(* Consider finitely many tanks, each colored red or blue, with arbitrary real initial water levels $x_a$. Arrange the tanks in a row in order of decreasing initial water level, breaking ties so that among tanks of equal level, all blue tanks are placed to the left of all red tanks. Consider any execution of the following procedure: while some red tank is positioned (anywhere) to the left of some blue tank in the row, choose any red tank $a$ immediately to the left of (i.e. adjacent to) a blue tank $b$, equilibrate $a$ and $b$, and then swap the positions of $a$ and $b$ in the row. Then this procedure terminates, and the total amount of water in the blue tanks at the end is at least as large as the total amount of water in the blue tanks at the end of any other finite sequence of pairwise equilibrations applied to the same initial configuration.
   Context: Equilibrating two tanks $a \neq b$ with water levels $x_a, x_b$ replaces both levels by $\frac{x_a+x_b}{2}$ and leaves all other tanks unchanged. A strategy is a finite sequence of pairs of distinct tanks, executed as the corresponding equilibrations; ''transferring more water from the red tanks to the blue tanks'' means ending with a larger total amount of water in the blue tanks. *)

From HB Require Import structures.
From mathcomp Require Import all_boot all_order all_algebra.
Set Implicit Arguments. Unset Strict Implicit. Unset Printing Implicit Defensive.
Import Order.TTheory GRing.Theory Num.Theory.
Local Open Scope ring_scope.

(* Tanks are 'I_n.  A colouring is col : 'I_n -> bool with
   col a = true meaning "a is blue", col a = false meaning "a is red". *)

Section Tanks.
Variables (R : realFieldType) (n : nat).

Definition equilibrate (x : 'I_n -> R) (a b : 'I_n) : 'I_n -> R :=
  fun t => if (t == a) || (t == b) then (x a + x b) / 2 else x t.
....
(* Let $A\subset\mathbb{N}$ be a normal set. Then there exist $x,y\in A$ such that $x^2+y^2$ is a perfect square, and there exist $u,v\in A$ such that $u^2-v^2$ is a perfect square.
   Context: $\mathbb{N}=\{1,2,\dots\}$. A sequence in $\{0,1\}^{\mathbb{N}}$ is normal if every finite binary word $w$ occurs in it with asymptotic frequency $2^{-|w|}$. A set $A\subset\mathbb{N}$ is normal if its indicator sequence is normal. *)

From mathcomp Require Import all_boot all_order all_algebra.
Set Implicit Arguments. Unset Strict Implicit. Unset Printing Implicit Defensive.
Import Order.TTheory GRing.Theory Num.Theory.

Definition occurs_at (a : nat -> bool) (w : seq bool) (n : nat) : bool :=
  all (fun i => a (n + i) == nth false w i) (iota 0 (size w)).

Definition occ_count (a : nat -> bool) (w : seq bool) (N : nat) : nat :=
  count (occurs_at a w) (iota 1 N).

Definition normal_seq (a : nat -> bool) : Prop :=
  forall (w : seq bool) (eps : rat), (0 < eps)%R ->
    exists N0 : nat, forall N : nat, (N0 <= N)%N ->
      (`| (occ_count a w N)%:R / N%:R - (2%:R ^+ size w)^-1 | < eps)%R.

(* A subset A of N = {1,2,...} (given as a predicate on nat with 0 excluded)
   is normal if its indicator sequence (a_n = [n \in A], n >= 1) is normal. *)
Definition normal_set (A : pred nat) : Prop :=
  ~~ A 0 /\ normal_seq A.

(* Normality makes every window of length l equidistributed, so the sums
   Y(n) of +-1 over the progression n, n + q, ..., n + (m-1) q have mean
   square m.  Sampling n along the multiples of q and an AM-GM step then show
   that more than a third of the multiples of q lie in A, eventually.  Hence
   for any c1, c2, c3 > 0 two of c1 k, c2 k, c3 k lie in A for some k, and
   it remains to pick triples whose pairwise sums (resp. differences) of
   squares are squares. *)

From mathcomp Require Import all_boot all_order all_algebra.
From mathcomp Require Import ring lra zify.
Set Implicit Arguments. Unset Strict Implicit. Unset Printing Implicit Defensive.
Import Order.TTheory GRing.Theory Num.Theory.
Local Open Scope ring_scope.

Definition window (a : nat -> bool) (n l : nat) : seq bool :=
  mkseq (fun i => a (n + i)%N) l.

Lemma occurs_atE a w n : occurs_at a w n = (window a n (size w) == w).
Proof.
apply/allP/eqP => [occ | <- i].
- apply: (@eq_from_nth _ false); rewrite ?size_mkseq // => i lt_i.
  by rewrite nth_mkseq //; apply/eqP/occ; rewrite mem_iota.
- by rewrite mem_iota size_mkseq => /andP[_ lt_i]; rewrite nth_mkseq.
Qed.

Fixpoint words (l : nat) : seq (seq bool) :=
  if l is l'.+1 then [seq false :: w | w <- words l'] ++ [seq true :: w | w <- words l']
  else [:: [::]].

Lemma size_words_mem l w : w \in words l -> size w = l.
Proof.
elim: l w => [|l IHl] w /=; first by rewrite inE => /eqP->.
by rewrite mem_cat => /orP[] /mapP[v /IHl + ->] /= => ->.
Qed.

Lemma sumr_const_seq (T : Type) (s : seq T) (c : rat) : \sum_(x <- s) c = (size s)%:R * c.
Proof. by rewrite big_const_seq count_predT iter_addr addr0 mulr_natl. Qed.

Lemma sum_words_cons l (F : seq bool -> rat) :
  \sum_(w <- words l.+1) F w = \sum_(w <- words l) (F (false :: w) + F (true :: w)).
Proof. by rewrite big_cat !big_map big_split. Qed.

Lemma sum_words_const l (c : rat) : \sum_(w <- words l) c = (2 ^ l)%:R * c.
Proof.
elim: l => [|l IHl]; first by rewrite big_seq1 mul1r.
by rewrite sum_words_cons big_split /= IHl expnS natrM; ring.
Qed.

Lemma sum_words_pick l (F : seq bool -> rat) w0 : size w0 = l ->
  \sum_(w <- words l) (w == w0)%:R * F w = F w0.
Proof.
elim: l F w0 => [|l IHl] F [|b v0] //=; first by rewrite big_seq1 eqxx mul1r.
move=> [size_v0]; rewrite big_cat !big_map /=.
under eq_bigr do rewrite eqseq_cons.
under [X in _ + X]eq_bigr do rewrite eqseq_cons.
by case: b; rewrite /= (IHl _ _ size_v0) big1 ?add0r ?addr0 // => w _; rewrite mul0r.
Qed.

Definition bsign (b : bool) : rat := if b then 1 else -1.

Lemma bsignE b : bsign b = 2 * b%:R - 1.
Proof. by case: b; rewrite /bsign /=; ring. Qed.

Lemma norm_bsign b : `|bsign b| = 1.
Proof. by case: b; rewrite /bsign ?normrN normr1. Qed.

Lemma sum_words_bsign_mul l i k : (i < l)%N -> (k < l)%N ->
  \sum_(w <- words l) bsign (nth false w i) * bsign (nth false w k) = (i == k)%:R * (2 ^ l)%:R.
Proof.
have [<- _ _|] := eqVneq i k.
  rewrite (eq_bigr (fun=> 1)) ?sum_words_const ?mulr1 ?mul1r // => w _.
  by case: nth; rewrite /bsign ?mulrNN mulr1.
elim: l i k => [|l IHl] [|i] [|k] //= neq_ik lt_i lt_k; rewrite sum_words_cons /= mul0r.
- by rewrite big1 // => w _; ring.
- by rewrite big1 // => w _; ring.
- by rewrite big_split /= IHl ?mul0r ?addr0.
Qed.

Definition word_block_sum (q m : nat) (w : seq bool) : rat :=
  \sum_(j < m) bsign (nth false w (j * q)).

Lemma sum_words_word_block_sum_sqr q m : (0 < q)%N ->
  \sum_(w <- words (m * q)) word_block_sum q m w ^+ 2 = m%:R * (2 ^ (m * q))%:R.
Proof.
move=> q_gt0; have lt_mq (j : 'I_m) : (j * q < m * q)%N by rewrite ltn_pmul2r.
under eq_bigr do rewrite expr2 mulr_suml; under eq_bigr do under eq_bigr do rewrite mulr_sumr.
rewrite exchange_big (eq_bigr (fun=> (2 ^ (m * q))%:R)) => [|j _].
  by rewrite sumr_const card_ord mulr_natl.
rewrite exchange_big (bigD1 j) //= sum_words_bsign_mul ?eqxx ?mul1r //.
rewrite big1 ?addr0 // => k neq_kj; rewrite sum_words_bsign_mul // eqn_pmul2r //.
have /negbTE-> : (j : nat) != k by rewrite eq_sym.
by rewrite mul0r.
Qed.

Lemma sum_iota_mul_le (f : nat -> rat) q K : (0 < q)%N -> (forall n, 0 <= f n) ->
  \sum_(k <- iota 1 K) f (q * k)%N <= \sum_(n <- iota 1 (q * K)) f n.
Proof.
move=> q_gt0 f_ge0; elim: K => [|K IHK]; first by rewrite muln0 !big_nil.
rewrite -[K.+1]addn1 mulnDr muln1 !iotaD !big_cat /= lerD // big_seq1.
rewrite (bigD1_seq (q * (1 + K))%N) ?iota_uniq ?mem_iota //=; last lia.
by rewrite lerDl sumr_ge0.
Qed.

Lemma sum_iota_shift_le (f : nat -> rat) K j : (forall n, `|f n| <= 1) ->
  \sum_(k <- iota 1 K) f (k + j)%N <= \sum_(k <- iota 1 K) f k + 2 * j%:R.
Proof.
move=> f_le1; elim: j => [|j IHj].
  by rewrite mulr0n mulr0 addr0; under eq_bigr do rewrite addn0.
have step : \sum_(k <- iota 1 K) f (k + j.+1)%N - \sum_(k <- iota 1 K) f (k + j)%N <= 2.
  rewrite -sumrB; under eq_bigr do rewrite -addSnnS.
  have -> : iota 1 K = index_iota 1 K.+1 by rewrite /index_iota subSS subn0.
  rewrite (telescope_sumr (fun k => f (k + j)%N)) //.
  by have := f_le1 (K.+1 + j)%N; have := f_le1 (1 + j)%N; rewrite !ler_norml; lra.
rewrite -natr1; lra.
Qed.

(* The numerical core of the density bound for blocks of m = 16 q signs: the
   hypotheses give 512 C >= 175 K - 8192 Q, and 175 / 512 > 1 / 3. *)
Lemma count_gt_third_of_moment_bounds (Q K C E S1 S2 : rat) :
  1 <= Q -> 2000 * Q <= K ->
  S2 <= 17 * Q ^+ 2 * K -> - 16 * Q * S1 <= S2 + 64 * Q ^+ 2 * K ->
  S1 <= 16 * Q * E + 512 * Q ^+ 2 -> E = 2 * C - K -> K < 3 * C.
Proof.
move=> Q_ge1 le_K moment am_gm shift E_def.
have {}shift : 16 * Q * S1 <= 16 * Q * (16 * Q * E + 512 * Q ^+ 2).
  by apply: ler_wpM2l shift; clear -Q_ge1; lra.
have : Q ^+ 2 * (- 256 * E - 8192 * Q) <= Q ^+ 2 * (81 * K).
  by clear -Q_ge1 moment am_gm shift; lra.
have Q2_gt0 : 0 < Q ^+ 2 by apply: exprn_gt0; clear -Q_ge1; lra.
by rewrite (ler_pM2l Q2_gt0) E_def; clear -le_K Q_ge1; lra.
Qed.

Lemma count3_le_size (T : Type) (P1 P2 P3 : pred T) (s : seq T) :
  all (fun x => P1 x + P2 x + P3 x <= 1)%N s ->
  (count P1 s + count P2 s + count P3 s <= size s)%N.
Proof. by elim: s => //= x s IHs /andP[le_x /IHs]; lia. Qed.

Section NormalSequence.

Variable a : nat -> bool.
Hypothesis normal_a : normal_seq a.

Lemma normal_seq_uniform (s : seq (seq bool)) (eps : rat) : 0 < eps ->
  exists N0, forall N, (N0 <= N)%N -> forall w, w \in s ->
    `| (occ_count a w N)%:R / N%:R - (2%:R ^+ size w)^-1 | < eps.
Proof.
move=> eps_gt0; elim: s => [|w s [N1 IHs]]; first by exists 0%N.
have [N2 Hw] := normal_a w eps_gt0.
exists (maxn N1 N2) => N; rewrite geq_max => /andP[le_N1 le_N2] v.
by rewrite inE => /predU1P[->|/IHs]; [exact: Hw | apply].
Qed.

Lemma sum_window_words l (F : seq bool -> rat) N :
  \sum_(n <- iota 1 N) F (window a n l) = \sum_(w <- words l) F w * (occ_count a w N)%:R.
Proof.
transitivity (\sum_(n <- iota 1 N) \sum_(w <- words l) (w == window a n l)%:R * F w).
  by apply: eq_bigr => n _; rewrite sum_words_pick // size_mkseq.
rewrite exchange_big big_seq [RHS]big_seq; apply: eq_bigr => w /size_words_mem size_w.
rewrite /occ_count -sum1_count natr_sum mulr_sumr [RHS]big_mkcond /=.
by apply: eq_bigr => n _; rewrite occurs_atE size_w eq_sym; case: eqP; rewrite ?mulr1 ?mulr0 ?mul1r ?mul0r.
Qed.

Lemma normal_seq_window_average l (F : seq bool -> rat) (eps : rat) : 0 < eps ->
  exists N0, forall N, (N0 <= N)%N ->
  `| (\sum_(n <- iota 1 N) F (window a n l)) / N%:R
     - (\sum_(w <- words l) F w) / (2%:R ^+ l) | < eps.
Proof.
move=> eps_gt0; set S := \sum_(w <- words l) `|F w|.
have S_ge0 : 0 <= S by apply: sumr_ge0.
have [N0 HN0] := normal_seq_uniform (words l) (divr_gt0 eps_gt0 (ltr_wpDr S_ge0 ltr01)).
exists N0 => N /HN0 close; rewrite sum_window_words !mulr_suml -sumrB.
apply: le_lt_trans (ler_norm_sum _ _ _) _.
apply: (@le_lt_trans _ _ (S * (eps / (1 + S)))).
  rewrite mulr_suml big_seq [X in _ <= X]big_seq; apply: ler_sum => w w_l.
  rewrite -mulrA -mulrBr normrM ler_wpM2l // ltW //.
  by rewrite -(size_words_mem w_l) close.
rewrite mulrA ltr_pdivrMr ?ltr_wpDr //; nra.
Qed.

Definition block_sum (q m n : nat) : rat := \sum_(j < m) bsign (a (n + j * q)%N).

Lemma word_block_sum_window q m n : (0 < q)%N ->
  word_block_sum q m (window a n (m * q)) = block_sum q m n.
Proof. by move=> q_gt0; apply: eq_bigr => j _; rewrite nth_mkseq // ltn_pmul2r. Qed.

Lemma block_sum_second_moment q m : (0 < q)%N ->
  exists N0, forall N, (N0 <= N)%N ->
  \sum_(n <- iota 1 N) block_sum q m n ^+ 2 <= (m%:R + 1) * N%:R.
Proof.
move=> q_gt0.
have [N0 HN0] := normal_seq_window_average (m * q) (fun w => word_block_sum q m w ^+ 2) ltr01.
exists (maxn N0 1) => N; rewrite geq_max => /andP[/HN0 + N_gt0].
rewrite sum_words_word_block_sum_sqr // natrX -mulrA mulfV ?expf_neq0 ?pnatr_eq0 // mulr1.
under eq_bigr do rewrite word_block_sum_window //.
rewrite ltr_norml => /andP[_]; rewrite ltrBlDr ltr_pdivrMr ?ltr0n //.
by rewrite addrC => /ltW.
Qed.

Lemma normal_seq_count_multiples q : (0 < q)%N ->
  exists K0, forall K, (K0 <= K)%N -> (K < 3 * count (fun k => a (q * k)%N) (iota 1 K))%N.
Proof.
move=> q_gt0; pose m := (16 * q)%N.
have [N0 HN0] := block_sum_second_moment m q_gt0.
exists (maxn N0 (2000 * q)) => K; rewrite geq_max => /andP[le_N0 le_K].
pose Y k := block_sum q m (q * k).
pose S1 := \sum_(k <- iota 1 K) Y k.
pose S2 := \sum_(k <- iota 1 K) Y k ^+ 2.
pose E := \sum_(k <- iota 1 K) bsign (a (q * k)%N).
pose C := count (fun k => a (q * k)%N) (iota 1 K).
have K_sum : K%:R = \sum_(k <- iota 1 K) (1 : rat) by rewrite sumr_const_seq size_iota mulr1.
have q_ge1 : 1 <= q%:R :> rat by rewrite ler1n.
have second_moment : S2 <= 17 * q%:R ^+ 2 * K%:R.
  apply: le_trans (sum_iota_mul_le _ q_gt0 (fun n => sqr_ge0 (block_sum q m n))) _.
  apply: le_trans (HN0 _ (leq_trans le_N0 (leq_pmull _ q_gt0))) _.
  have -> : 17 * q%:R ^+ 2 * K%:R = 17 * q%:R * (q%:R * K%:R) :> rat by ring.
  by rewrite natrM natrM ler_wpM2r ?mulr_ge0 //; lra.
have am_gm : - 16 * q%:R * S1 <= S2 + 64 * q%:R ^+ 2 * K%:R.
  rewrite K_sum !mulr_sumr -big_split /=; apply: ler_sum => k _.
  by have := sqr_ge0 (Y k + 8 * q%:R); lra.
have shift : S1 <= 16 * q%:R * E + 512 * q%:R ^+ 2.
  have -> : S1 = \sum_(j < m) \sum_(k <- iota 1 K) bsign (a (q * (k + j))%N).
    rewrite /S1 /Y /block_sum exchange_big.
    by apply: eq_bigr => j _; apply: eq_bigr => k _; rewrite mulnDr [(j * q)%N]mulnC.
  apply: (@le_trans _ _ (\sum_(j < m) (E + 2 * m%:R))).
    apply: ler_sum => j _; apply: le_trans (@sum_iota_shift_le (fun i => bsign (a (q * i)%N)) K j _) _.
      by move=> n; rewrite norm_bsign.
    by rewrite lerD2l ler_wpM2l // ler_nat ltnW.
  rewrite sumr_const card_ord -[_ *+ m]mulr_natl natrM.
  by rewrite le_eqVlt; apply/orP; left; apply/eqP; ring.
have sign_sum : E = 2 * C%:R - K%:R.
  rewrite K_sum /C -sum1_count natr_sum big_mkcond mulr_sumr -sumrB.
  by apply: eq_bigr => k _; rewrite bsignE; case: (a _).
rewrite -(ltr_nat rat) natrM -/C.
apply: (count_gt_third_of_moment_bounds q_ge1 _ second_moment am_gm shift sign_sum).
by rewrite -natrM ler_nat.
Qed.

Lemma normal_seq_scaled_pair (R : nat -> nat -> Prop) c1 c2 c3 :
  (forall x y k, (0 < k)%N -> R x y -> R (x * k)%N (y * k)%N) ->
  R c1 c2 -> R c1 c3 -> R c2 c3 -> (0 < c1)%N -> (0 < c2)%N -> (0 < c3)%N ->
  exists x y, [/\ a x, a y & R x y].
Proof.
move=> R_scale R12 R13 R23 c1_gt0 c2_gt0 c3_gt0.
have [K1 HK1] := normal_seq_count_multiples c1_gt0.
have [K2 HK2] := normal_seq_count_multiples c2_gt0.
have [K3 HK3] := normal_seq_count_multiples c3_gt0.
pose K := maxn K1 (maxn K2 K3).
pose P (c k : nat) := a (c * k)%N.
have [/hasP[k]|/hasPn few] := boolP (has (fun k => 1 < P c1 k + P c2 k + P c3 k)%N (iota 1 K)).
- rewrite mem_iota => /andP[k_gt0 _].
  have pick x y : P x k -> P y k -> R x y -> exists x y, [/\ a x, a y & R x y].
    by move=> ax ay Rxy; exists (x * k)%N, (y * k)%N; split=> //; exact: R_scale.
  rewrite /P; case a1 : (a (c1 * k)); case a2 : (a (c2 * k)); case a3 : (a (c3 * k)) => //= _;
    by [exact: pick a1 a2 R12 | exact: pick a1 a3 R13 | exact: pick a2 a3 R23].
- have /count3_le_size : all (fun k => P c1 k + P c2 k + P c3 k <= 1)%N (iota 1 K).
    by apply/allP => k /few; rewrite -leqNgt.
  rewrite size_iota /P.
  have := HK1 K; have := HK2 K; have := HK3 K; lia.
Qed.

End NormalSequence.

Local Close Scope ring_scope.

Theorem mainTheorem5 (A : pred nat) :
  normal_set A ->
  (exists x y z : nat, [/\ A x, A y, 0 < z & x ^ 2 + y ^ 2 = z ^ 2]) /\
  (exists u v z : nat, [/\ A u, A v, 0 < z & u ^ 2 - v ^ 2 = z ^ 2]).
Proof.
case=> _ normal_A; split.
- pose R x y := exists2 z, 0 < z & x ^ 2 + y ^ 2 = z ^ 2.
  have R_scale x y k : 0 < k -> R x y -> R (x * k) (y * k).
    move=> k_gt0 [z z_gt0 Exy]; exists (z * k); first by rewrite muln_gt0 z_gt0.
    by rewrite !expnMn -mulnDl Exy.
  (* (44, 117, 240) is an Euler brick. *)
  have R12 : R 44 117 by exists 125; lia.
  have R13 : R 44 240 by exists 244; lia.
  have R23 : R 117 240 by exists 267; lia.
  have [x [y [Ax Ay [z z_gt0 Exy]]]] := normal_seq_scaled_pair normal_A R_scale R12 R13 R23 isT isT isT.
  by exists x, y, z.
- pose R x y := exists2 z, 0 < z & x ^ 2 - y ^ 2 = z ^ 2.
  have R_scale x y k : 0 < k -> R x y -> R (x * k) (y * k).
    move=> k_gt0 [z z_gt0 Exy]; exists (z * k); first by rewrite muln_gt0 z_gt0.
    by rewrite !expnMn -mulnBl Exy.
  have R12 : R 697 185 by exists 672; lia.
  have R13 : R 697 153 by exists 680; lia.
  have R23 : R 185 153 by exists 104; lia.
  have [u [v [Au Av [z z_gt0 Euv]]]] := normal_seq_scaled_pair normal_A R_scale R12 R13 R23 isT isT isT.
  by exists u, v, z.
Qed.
....
• PROMPT: A verbatim transcription is needed of the lines above, starting at the line with "by have := sqr_ge0 (Y k + 8 * q%:R); lra." and ending at the line with "pose P (c k : nat) := a (c * k)%N.", both included, and of nothing else.

• TASK RESULT:
  by have := sqr_ge0 (Y k + 8 * q%:R); lra.
have shift : S1 <= 16 * q%:R * E + 512 * q%:R ^+ 2.
  have -> : S1 = \sum_(j < m) \sum_(k <- iota 1 K) bsign (a (q * (k + j))%N).
    rewrite /S1 /Y /block_sum exchange_big.
    by apply: eq_bigr => j _; apply: eq_bigr => k _; rewrite mulnDr [(j * q)%N]mulnC.
  apply: (@le_trans _ _ (\sum_(j < m) (E + 2 * m%:R))).
    apply: ler_sum => j _; apply: le_trans (@sum_iota_shift_le (fun i => bsign (a (q * i)%N)) K j _) _.
      by move=> n; rewrite norm_bsign.
    by rewrite lerD2l ler_wpM2l // ler_nat ltnW.
  rewrite sumr_const card_ord -[_ *+ m]mulr_natl natrM.
  by rewrite le_eqVlt; apply/orP; left; apply/eqP; ring.
have sign_sum : E = 2 * C%:R - K%:R.
  rewrite K_sum /C -sum1_count natr_sum big_mkcond mulr_sumr -sumrB.
  by apply: eq_bigr => k _; rewrite bsignE; case: (a _).
rewrite -(ltr_nat rat) natrM -/C.
apply: (count_gt_third_of_moment_bounds q_ge1 _ second_moment am_gm shift sign_sum).
by rewrite -natrM ler_nat.
Qed.

Lemma normal_seq_scaled_pair (R : nat -> nat -> Prop) c1 c2 c3 :
  (forall x y k, (0 < k)%N -> R x y -> R (x * k)%N (y * k)%N) ->
  R c1 c2 -> R c1 c3 -> R c2 c3 -> (0 < c1)%N -> (0 < c2)%N -> (0 < c3)%N ->
  exists x y, [/\ a x, a y & R x y].
Proof.
move=> R_scale R12 R13 R23 c1_gt0 c2_gt0 c3_gt0.
have [K1 HK1] := normal_seq_count_multiples c1_gt0.
have [K2 HK2] := normal_seq_count_multiples c2_gt0.
have [K3 HK3] := normal_seq_count_multiples c3_gt0.
pose K := maxn K1 (maxn K2 K3).
pose P (c k : nat) := a (c * k)%N.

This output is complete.